**Task directions**
Every line below between the line holding "have AB_le := mean_abs_lincomb_mul_le" and the line holding "rewrite meanZ; last exact/Lfun_norm/LfunB.", inclusive, should be repeated exactly, and all other lines omitted.

─── Data in this exercise ───

Lemma mean_abs_acov_tilde_sub_hat_le a b :
  weakly_stationary_centred P X ->
  Zabs_summable (acov P X a a) -> Zabs_summable (acov P X b b) ->
  mean P (fun w => `|acov_tilde X n a b k w - acov_hat X n a b k w|)
  <= (n + k)%:R / n%:R ^+ 2 * (Num.sqrt (Zsum (fun u => `|acov P X a a u|))
                              * Num.sqrt (Zsum (fun u => `|acov P X b b u|))).
Proof.
move=> HX sa sb.
have us : uniq (index_iota 1 n.+1) by exact: iota_uniq.
have m0 : (0 < m)%N by rewrite subn_gt0.
have km : (k + m <= n)%N by lia.
have zm : (0 + m <= n)%N by lia.
pose F := lc (fun t => n%:R^-1 - block k m t) a.
pose G := lc (fun t => n%:R^-1 - block 0 m t) b.
pose A := lc (block k m) a.
pose B := lc (block 0 m) b.
have FG1 : (fun w => F w * G w) \in Lfun P 1.
  by apply: Lfun2_mul_Lfun1; exact: lincomb_Lfun2.
have AB1 : (fun w => A w * B w) \in Lfun P 1.
  by apply: Lfun2_mul_Lfun1; exact: lincomb_Lfun2.
have FG_le := mean_abs_lincomb_mul_le HX us sa sb
  (sum_sub_block_sqr km m0) (sum_sub_block_sqr zm m0).
have AB_le := mean_abs_lincomb_mul_le HX us sa sb
  (sum_block_sqr km m0) (sum_block_sqr zm m0).
rewrite (_ : (fun w => _) = fun w => m%:R / n%:R * `|F w * G w - A w * B w|); last first.
  by apply: funext => w; rewrite acov_tilde_sub_hat normrM ger0_norm.
rewrite meanZ; last exact/Lfun_norm/LfunB.
apply: le_trans (ler_wpM2l _ (le_trans (mean_normB_le FG1 AB1) (lerD FG_le AB_le))) _ => //.
have n0 : n%:R != 0 :> R by rewrite pnatr_eq0 -lt0n; lia.
have {}m0 : m%:R != 0 :> R by rewrite pnatr_eq0 -lt0n.
rewrite natrB ?(ltnW kn) // in m0.
rewrite subKn ?(ltnW kn) // natrD natrB ?(ltnW kn) // le_eqVlt; apply/orP; left; apply/eqP.
by field; rewrite ?n0 ?m0.
Qed.

End sample_autocovariances.

Lemma sharper_bound_le (R : realType) (n k CA CB DA DB : R) :
  0 < n -> 0 <= k -> 0 <= CA -> 0 <= CB -> 0 <= DA -> 0 <= DB ->
  Num.sqrt n * ((n + k) / n ^+ 2 * (Num.sqrt CA * Num.sqrt CB))
  <= (Num.sqrt n)^-1 * Num.sqrt CA * Num.sqrt CB
     + k / (n * Num.sqrt n) * Num.sqrt (CA + n^-1 * DA) * Num.sqrt (CB + n^-1 * DB).
Proof.
move=> n0 k0 CA0 CB0 DA0 DB0.
have sn0 : 0 < Num.sqrt n by rewrite sqrtr_gt0.
have -> : Num.sqrt n * ((n + k) / n ^+ 2 * (Num.sqrt CA * Num.sqrt CB))
    = ((Num.sqrt n)^-1 + k / (n * Num.sqrt n)) * (Num.sqrt CA * Num.sqrt CB).
  rewrite mulrA; congr (_ * _); have := sqr_sqrtr (ltW n0).
  by set s := Num.sqrt n => <-; field; rewrite gt_eqF.
have sqrt_le C D : 0 <= C -> 0 <= D -> Num.sqrt C <= Num.sqrt (C + n^-1 * D).
  by move=> C0 D0; rewrite ler_wsqrtr // lerDl mulr_ge0 // invr_ge0 ltW.
rewrite mulrDl; apply: lerD; first by rewrite mulrA lexx.
rewrite -mulrA; apply: ler_wpM2l; first by rewrite divr_ge0 // mulr_ge0 // ltW.
by apply: ler_pM; rewrite ?sqrtr_ge0 ?sqrt_le.
Qed.

Theorem lemmaC1 (dT : measure_display) (T : measurableType dT) (R : realType)
  (P : probability T R) (d : nat) (X : int -> 'I_d -> T -> R) (a b : 'I_d)
  (n k : nat) :
  weakly_stationary_centred P X ->
  Zabs_summable (fun u => `|u|%:~R * acov P X a a u) ->
  Zabs_summable (fun u => `|u|%:~R * acov P X b b u) ->
  (k < n)%N ->
  (dW P (fun w => Num.sqrt n%:R * (acov_tilde X n a b k w - acov P X a b k%:Z))%R
        (fun w => Num.sqrt n%:R * (acov_hat X n a b k w - acov P X a b k%:Z))%R
   <= (((Num.sqrt n%:R)^-1
         * Num.sqrt (Zsum (fun u => `|acov P X a a u|))
         * Num.sqrt (Zsum (fun u => `|acov P X b b u|))
       + k%:R / (n%:R * Num.sqrt n%:R)
         * Num.sqrt (Zsum (fun u => `|acov P X a a u|)
                     + n%:R^-1 * Zsum (fun u => `|u|%:~R * `|acov P X a a u|))
         * Num.sqrt (Zsum (fun u => `|acov P X b b u|)
                     + n%:R^-1 * Zsum (fun u => `|u|%:~R * `|acov P X b b u|)))%R)%:E)%E.
Proof.
move=> HX wa wb kn.
have sa := Zabs_summable_weighted wa; have sb := Zabs_summable_weighted wb.
have diff1 : (fun w => `|acov_tilde X n a b k w - acov_hat X n a b k w|) \in Lfun P 1.
  by apply/Lfun_norm/LfunB; rewrite // ?acov_tilde_Lfun1 ?acov_hat_Lfun1.
have scaled1 (f : T -> R) : f \in Lfun P 1 ->
    (fun w => Num.sqrt n%:R * (f w - acov P X a b k%:Z)) \in Lfun P 1.
  by move=> f1; apply/LfunZ/LfunB => //; exact: Lfun_cst.
apply: le_trans (dW_le_mean_abs (scaled1 _ (acov_tilde_Lfun1 _ _ _ _ HX))
                                (scaled1 _ (acov_hat_Lfun1 _ _ _ _ HX))) _.
rewrite lee_fin (_ : (fun w => _) = fun w => Num.sqrt n%:R
    * `|acov_tilde X n a b k w - acov_hat X n a b k w|); last first.
  apply: funext => w; rewrite -mulrBr opprB addrA subrK normrM.
  by rewrite ger0_norm ?sqrtr_ge0.
rewrite meanZ //.
apply: le_trans (ler_wpM2l (sqrtr_ge0 _) (mean_abs_acov_tilde_sub_hat_le kn HX sa sb)) _.
rewrite natrD; apply: sharper_bound_le;
  by rewrite ?ltr0n ?ler0n ?Zsum_abs_ge0 ?Zsum_weighted_ge0 //; lia.
Qed.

───

**Problem solution**
have AB_le := mean_abs_lincomb_mul_le HX us sa sb
  (sum_block_sqr km m0) (sum_block_sqr zm m0).
rewrite (_ : (fun w => _) = fun w => m%:R / n%:R * `|F w * G w - A w * B w|); last first.
  by apply: funext => w; rewrite acov_tilde_sub_hat normrM ger0_norm.
rewrite meanZ; last exact/Lfun_norm/LfunB.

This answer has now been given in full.